有重复字符串的排列组合。编写一种方法,计算某字符串的所有排列组合。

示例 1:

javascript
输入:S = "qqe"
 输出:["eqq","qeq","qqe"]

示例 2:

javascript
输入:S = "ab"
 输出:["ab", "ba"]

提示:

javascript
字符都是英文字母。
字符串长度在[1, 9]之间。

来源:力扣(LeetCode)链接:https://leetcode-cn.com/problems/permutation-ii-lcci 著作权归领扣网络所有。

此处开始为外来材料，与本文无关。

Lemma output_unbounded x n : exists s, n <= size (output x s).
Proof.
have [tau [sg [s0 [_ hne _]]]] := output_settles x.
suff grow d : d <= size (output x (s0 + d)) by exists (s0 + n).
elim: d => [//|d IH]; rewrite addnS /= size_cat.
have := (hne (s0 + d) (leq_addr _ _)).1; rewrite -size_eq0 -lt0n => h.
by rewrite -addn1; exact: leq_add IH h.
Qed.

Lemma reduction_continuous : continuousw reduction.
Proof.
move=> Y hY x hYx; have [n hn] := hY (reduction x) hYx.
have [s hs] := output_unbounded x n.
exists s => y hy; apply: hn => m hm.
have [_ e] := config_local hy (leqnn s).
rewrite (reduction_nth (_ : m < size (output y s))); last by rewrite e; lia.
rewrite (reduction_nth (_ : m < size (output x s))); last by lia.
by rewrite e; apply: set_nth_default; lia.
Qed.

Lemma run_reduction_in_block x s0 m : size (output x s0) <= m ->
  exists2 s, s0 <= s & run M (reduction x) m \in trace (config_at x s).2 (block x s).
Proof.
move=> hm; have [t ht] := output_unbounded x m.+1.
case: (ex_minnP (ex_intro (fun t => m < size (output x t)) t ht)) => t0 ht0 hmin.
have ht0p : s0 < t0.
  by rewrite ltnNge; apply/negP => h; have := size_output_mono x h; lia.
have hle : size (output x t0.-1) <= m.
  by rewrite leqNgt; apply/negP => h; have := hmin _ h; lia.
move: ht0; rewrite -(prednK (leq_ltn_trans (leq0n _) ht0p)) /= size_cat => ht0.
exists t0.-1; first by lia.
rewrite -(subnKC hle) run_reduction; last by lia.
by apply: mem_nth; rewrite /= size_scanl; lia.
Qed.

Lemma fM_reduction x : exists tau sg, leaf_region tau sg x /\ fM M (reduction x) = psi tau sg.
Proof.
have [tau [sg [s0 [hleaf hblk hinf]]]] := output_settles x.
exists tau, sg; split => //; apply/setP => r; apply/idP/idP.
  move=> /in_fM /(_ (size (output x s0))) [m [hm <-]].
  have [s hs hin] := run_reduction_in_block hm.
  exact: (hblk s hs).2.
move=> hr; apply/in_fM => n; have [t ht] := output_unbounded x n.
have [s hs hsub] := hinf (maxn s0 t).
have hr' := hsub r hr.
exists (size (output x s) + index r (trace (config_at x s).2 (block x s))); split.
  by have := size_output_mono x (_ : t <= s); lia.
rewrite run_reduction ?nth_index //.
by move: hr'; rewrite -index_mem /trace /= size_scanl ltnS.
Qed.
Lemma support_exchange_contra Sg k l x : is_support d (simp d T) A Sg ->
    x \in elems Sg -> k <= d -> l <= d.+1 ->
  ~~ interlace (set_nth 0 (elems A) k x) (set_nth 0 (elems B) l (nth 0 (elems A) k)).
Proof.
move=> [cardSg _ SgA Sg_supp] xSg le_kd le_ld.
set a_k := nth 0 (elems A) k; set cs := set_nth _ _ _ _; set es := set_nth _ _ _ _.
apply/negP => cs_es; have [cs_sorted es_sorted] := interlace_sorted cs_es.
have lt_kA : k < size (elems A) by rewrite size_elems cardA.
have lt_lB : l < size (elems B) by rewrite size_elems cardB.
have a_kA : a_k \in elems A by rewrite mem_nth.
have cs_sub : {subset cs <= elems A ++ elems Sg}.
  by move=> y /(subset_set_nth lt_kA); rewrite inE mem_cat => /orP[/eqP->|->]; rewrite ?xSg ?orbT.
have es_sub : {subset es <= elems A ++ elems B}.
  by move=> y /(subset_set_nth lt_lB); rewrite inE mem_cat => /orP[/eqP->|->]; rewrite ?a_kA ?orbT.
have elemsC : elems (seq_set m cs) = cs := elems_seq_set_sub cs_sorted cs_sub.
have elemsD : elems (seq_set m es) = es := elems_seq_set_sub es_sorted es_sub.
have size_es : size es = #|B| by rewrite size_set_nth (maxn_idPr lt_lB) size_elems.
have nuC : nu d (seq_set m cs).
  apply: (nu_interlace_within nuA (e := es)); rewrite ?elemsC //.
    by rewrite -size_elems elemsC size_set_nth (maxn_idPr lt_kA) size_elems.
  move=> v; rewrite inE => /cs_sub; rewrite mem_cat => /orP[vA|vSg].
    by have := sorted_within (elems_sorted A) vA; rewrite size_elems cardA.
  by case/andP: (interlace_within SgA vSg); rewrite size_elems cardSg => /ltnW-> /ltnW->.
have notBD : ~~ (B \subset seq_set m es).
  apply/negP => BD; have eqBD : B = seq_set m es.
    by apply/eqP; rewrite eqEcard BD -size_elems elemsD size_es leqnn.
  have : a_k \in es.
    have <- : nth 0 es l = a_k by rewrite nth_set_nth /= eqxx.
    by rewrite mem_nth // size_es -size_elems.
  by rewrite -elemsD -eqBD; apply/negP/(interlace_notin AB).
have [F FT DF] := sub_lower_facet (seq_set_subU es_sub) notBD.
have := simp_face_no_interlace (Sg_supp _ nuC (seq_set_subU cs_sub)) FT DF.
by rewrite elemsC elemsD cs_es.
Qed.

Lemma support_unique Sg : is_support d (simp d T) A Sg -> Sg = inner d B.
Proof.
move=> supp; have [cardSg _ SgA _] := supp.
have [_ lt_SgA] := interlaceP _ _ SgA; rewrite size_elems cardSg in lt_SgA.
have [_ lt_BA] := interlaceP _ _ AB; rewrite size_elems cardA in lt_BA.
apply: elems_inj; apply: (@eq_from_nth _ 0).
  by rewrite elems_inner size_takel ?size_behead size_elems ?cardSg ?cardB.
rewrite size_elems cardSg => i lt_id; rewrite elems_inner nth_take // nth_behead /=.
set x := nth 0 (elems Sg) i.
have xSg : x \in elems Sg by rewrite mem_nth // size_elems cardSg.
have /andP[a_x x_a] := lt_SgA i lt_id.
have lt_iA : i < size (elems A) by rewrite size_elems cardA ltnW.
(* If [x < b_(i+1)], [x] replaces [a_i] and [a_i] replaces [b_i]; otherwise
   [x] replaces [a_(i+1)] and [a_(i+1)] replaces [b_(i+2)]. *)
case: (ltngtP x (nth 0 (elems B) i.+1)) => // [x_b|b_x]; exfalso.
- have /negP := support_exchange_contra supp xSg (ltnW lt_id) (leqW (ltnW lt_id)); apply.
  by apply: interlace_exchange_up => //; apply/andP.
- have /negP := support_exchange_contra (k := i.+1) (l := i.+2) supp xSg lt_id lt_id; apply.
  by apply: interlace_exchange_down; rewrite ?size_elems ?cardA //; apply/andP.
Qed.

End IncreasingFlip.

Unset Implicit Arguments. Set Strict Implicit. Set Printing Implicit Defensive.

Theorem lemma3p7 (R : realFieldType) (m d : nat) (t : 'I_m.+1 -> R)
    (T : {set {set 'I_m.+1}}) (A B : {set 'I_m.+1}) :
  (forall u v : 'I_m.+1, 0 < val u -> val u < val v -> (t u < t v)%R) ->
  triangulates (d.*2.+1) t (Vm m) T ->
  (* A is a mutable d-simplex of T replaced by B in the increasing flip *)
  A \in simp d T ->
  #|B| = d.+2 -> B \subset Vm m ->
  interlace (elems A) (elems B) ->
  triangulates (d.*2.+1) t (A :|: B) [set S in T | S \subset A :|: B] ->
  [set S in T | S \subset A :|: B] = lower_tri (d.*2.+1) (A :|: B) ->
  (* conclusion: B' is the unique support of A w.r.t. simp(T) *)
  is_support d (simp d T) A (inner d B) /\
  (forall Sigma, is_support d (simp d T) A Sigma -> Sigma = inner d B).
Proof.
(* [#|B| = d.+2] follows from the interlacing, and the triangulation induced on
   [A :|: B] is only needed through its facets, given by the last hypothesis. *)
move=> t_incr T_tri /setIdP[nuA _] _ BV AB _ T_lower.
split; first exact: inner_support nuA BV AB T_lower.
by move=> Sg; apply: support_unique t_incr T_tri nuA AB T_lower Sg.
Qed.
(* Let $\mathbf{A}\in\mathbb{R}^{m\times n}$, $\mathbf{b}\in\mathbb{R}^m$, $\mathbf{c}\in\mathbb{R}^n$ define the integer linear program $\min_{\mathbf{x}}\{\mathbf{c}^\top\mathbf{x} \mid \mathbf{A}\mathbf{x}\le \mathbf{b},\ \mathbf{x}\in\mathbb{Z}^n\}$, with bipartite representation $\mathcal{A}=\begin{bmatrix}\mathbf{A}&\mathbf{b}\\ \mathbf{c}^\top&0\end{bmatrix}\in\mathbb{R}^{(m+1)\times(n+1)}$. Let $f_\theta$ be a map from such $(m+1)\times(n+1)$ matrices to $\mathbb{R}^n$ that is permutation-equivariant with respect to variables and permutation-invariant with respect to constraints, i.e. $f_\theta(\pi^c(\mathcal{M}))=\pi^v(f_\theta(\mathcal{M}))$ for all $\pi\in S_n$ and $f_\theta(\sigma^r(\mathcal{M}))=f_\theta(\mathcal{M})$ for all $\sigma\in S_m$, for every input $\mathcal{M}$. If $\pi\in S_n$ is a formulation symmetry of the ILP, then $f_\theta(\mathcal{A})_i=f_\theta(\mathcal{A})_{\pi(i)}$ for all $i\in\{1,\dots,n\}$. Furthermore, for every orbit $\mathcal{O}$ of $\{1,\dots,n\}$ under the symmetry group $\mathcal{G}$ of the ILP, $f_\theta(\mathcal{A})_i=f_\theta(\mathcal{A})_j$ for all $i,j\in\mathcal{O}$.
   Context: $S_n$ denotes the set of all permutations (bijections) of $\{1,\dots,n\}$. For $\pi\in S_n$, a vector $\mathbf{y}$ and a matrix $\mathbf{X}$ with at least $n$ rows/columns: $\pi^v(\mathbf{y})=[y_{\pi(1)},\dots,y_{\pi(n)},y_{n+1},\dots]^\top$ (permuting the top-most $n$ entries), $\pi^r(\mathbf{X})=[\mathbf{X}_{\pi(1),:},\dots,\mathbf{X}_{\pi(n),:},\mathbf{X}_{n+1,:},\dots]^\top$ (permuting the top-most $n$ rows), and $\pi^c(\mathbf{X})=[\mathbf{X}_{:,\pi(1)},\dots,\mathbf{X}_{:,\pi(n)},\mathbf{X}_{:,n+1},\dots]$ (permuting the left-most $n$ columns); analogously for $\sigma\in S_m$. A permutation $\pi\in S_n$ is a formulation symmetry of the ILP if there exists $\sigma\in S_m$ with $\pi^v(\mathbf{c})=\mathbf{c}$, $\sigma^v(\mathbf{b})=\mathbf{b}$, and $A_{\sigma(i),\pi(j)}=A_{i,j}$ for all $i,j$. The set of all formulation symmetries forms a group $\mathcal{G}$ (the symmetry group). The orbit of $i\in\{1,\dots,n\}$ under $\mathcal{G}$ is $\{\pi(i)\mid \pi\in\mathcal{G}\}$. *)

(* Indices are 0-based: 'I_n = {0,...,n-1}. *)
From HB Require Import structures.
From mathcomp Require Import all_boot all_order all_algebra all_fingroup.
From mathcomp Require Import all_classical all_reals.
Set Implicit Arguments. Unset Strict Implicit. Unset Printing Implicit Defensive.
Import Order.TTheory GRing.Theory Num.Theory.
Local Open Scope ring_scope.

(* Extension of a permutation s of 'I_k to 'I_k.+1 fixing the last index k
   (so that s acts on the "top-most / left-most" k entries only). *)
Definition ext_perm (k : nat) (s : 'S_k) (i : 'I_k.+1) : 'I_k.+1 :=
  match unlift ord_max i with
  | Some j => lift ord_max (s j)
  | None => ord_max
  end.

Definition permc (R : Type) (m n : nat) (p : 'S_n) (X : 'M[R]_(m.+1, n.+1))
  : 'M[R]_(m.+1, n.+1) := \matrix_(i, j) X i (ext_perm p j).

Definition permr (R : Type) (m n : nat) (s : 'S_m) (X : 'M[R]_(m.+1, n.+1))
  : 'M[R]_(m.+1, n.+1) := \matrix_(i, j) X (ext_perm s i) j.

Definition bipartite (R : nmodType) (m n : nat)
  (A : 'M[R]_(m, n)) (b : 'cV[R]_m) (c : 'cV[R]_n) : 'M[R]_(m.+1, n.+1) :=
  \matrix_(i, j)
    match unlift ord_max i, unlift ord_max j with
    | Some i', Some j' => A i' j'
    | Some i', None => b i' 0
    | None, Some j' => c j' 0
    | None, None => 0
    end.

Definition formulation_symmetry (R : eqType) (m n : nat)
  (A : 'M[R]_(m, n)) (b : 'cV[R]_m) (c : 'cV[R]_n) (p : 'S_n) : bool :=
  [exists s : 'S_m,
    [&& [forall j, c (p j) 0 == c j 0],
        [forall i, b (s i) 0 == b i 0] &
        [forall i, forall j, A (s i) (p j) == A i j]]].

Definition symmetry_group (R : eqType) (m n : nat)
  (A : 'M[R]_(m, n)) (b : 'cV[R]_m) (c : 'cV[R]_n) : {set 'S_n} :=
  [set p | formulation_symmetry A b c p].

Definition perm_orbit (n : nat) (G : {set 'S_n}) (i : 'I_n) : {set 'I_n} :=
  [set (p : 'S_n) i | p in G].

From HB Require Import structures.
From mathcomp Require Import all_boot all_order all_algebra all_fingroup.
From mathcomp Require Import all_classical all_reals.
Local Open Scope ring_scope.

(* A formulation symmetry (pi, sigma) leaves the bipartite representation
   unchanged under column permutation by pi and row permutation by sigma;
   equivariance in the columns and invariance in the rows then force the
   output of f to be unchanged by pi, and composing two symmetries through a
   common orbit point makes it constant on orbits. *)

Lemma ext_perm_unlift (k : nat) (s : 'S_k) (i : 'I_k.+1) :
  unlift ord_max (ext_perm s i) = omap s (unlift ord_max i).
Proof.
rewrite /ext_perm; case: (unlift ord_max i) => [j|] /=; first by rewrite liftK.
by rewrite unlift_none.
Qed.

Lemma permr_permc_bipartite (R : nmodType) (m n : nat)
  (A : 'M[R]_(m, n)) (b : 'cV[R]_m) (c : 'cV[R]_n) (p : 'S_n) (s : 'S_m) :
  (forall j, c (p j) 0 = c j 0) -> (forall i, b (s i) 0 = b i 0) ->
  (forall i j, A (s i) (p j) = A i j) ->
  permr s (permc p (bipartite A b c)) = bipartite A b c.
Proof.
move=> hc hb hA; apply/matrixP => i j.
rewrite /permr /permc /bipartite !mxE !ext_perm_unlift.
by case: (unlift ord_max i) => [i'|]; case: (unlift ord_max j) => [j'|] /=.
Qed.

Lemma formulation_symmetry_fixes_bipartite (R : nmodType) (m n : nat)
  (A : 'M[R]_(m, n)) (b : 'cV[R]_m) (c : 'cV[R]_n) (p : 'S_n) :
  formulation_symmetry A b c p ->
  exists s : 'S_m, permr s (permc p (bipartite A b c)) = bipartite A b c.
Proof.
case/existsP=> s /and3P[/forallP hc /forallP hb /forallP hA].
exists s; apply: permr_permc_bipartite => [j|i|i j]; apply/eqP => //.
exact: (forallP (hA i)).
Qed.

Section EquivariantMaps.

Variables (R : Type) (m n : nat) (f : 'M[R]_(m.+1, n.+1) -> 'cV[R]_n).
Hypothesis f_equiv : forall (p : 'S_n) (M : 'M[R]_(m.+1, n.+1)) (i : 'I_n),
  f (permc p M) i 0 = f M (p i) 0.
Hypothesis f_inv : forall (s : 'S_m) (M : 'M[R]_(m.+1, n.+1)),
  f (permr s M) = f M.

Lemma equivariant_fixed_input (M : 'M[R]_(m.+1, n.+1)) (p : 'S_n) (s : 'S_m) :
  permr s (permc p M) = M -> forall i, f M i 0 = f M (p i) 0.
Proof. by move=> fixM i; rewrite -{1}fixM f_inv f_equiv. Qed.

End EquivariantMaps.

Lemma constant_on_perm_orbit (T : Type) (n : nat) (G : {set 'S_n})
  (v : 'I_n -> T) :
  (forall p, p \in G -> forall i, v i = v (p i)) ->
  forall k i j, i \in perm_orbit G k -> j \in perm_orbit G k -> v i = v j.
Proof.
move=> vG k _ _ /imsetP[p1 Gp1 ->] /imsetP[p2 Gp2 ->].
by rewrite -(vG _ Gp1) -(vG _ Gp2).
Qed.

Theorem proposition1 (R : realType) (m n : nat)
  (A : 'M[R]_(m, n)) (b : 'cV[R]_m) (c : 'cV[R]_n)
  (f : 'M[R]_(m.+1, n.+1) -> 'cV[R]_n)
  (f_equiv : forall (p : 'S_n) (M : 'M[R]_(m.+1, n.+1)) (i : 'I_n),
      f (permc p M) i 0 = f M (p i) 0)
  (f_inv : forall (s : 'S_m) (M : 'M[R]_(m.+1, n.+1)),
      f (permr s M) = f M) :
  (forall p : 'S_n, formulation_symmetry A b c p ->
     forall i : 'I_n, f (bipartite A b c) i 0 = f (bipartite A b c) (p i) 0)
  /\
  (forall (k i j : 'I_n),
     i \in perm_orbit (symmetry_group A b c) k ->
     j \in perm_orbit (symmetry_group A b c) k ->
     f (bipartite A b c) i 0 = f (bipartite A b c) j 0).
Proof.
have symmetry_invariance : forall p : 'S_n, formulation_symmetry A b c p ->
    forall i, f (bipartite A b c) i 0 = f (bipartite A b c) (p i) 0.
  move=> p /formulation_symmetry_fixes_bipartite[s fixA].
  exact: equivariant_fixed_input f_equiv f_inv _ _ _ fixA.
split=> //; apply: constant_on_perm_orbit => p.
by rewrite inE; apply: symmetry_invariance.
Qed.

商业转载请联系官方授权,非商业转载请注明出处。

解题思路

全排列,直接用回溯法即可,数据量比较小,暴力完事~

javascript
var permutation = function (S) {
  let res = new Set();
  let vis = [];
  let dfs = (t) => {
    if (t.length === S.length) return res.add(t);
    for (let i = 0; i < S.length; i++) {
      if (vis[i]) continue;
      vis[i] = true;
      dfs(t + S[i]);
      vis[i] = false;
    }
  };
  dfs("");
  return [...res];
};
cpp
class Solution {
public:
    vector<string> permutation(string S) {
        set<string> res;
        vector<bool> vis(S.size(), false);
        dfs(S, "", res, vis);
        return vector<string>(res.begin(), res.end());
    }

    void dfs(string s, string t, set<string>& res, vector<bool>& vis) {
        if (t.size() == s.size()) {
            res.insert(t);
            return;
        }
        for (int i = 0; i < s.size(); i++) {
            if (vis[i]) continue;
            vis[i] = true;
            dfs(s, t + s[i], res, vis);
            vis[i] = false;
        }
    }
};
java
class Solution {
    public String[] permutation(String S) {
        Set<String> res = new HashSet<>();
        boolean[] vis = new boolean[S.length()];
        dfs(S, "", res, vis);
        return res.toArray(new String[0]);
    }

    private void dfs(String s, String t, Set<String> res, boolean[] vis) {
        if (t.length() == s.length()) {
            res.add(t);
            return;
        }
        for (int i = 0; i < s.length(); i++) {
            if (vis[i]) continue;
            vis[i] = true;
            dfs(s, t + s.charAt(i), res, vis);
            vis[i] = false;
        }
    }
}
python
class Solution:
    def permutation(self, S: str) -> List[str]:
        res = set()
        vis = [False] * len(S)

        def dfs(t):
            if len(t) == len(S):
                res.add(t)
                return
            for i in range(len(S)):
                if vis[i]:
                    continue
                vis[i] = True
                dfs(t + S[i])
                vis[i] = False

        dfs("")
        return list(res)
javascript
学如逆水行舟,不进则退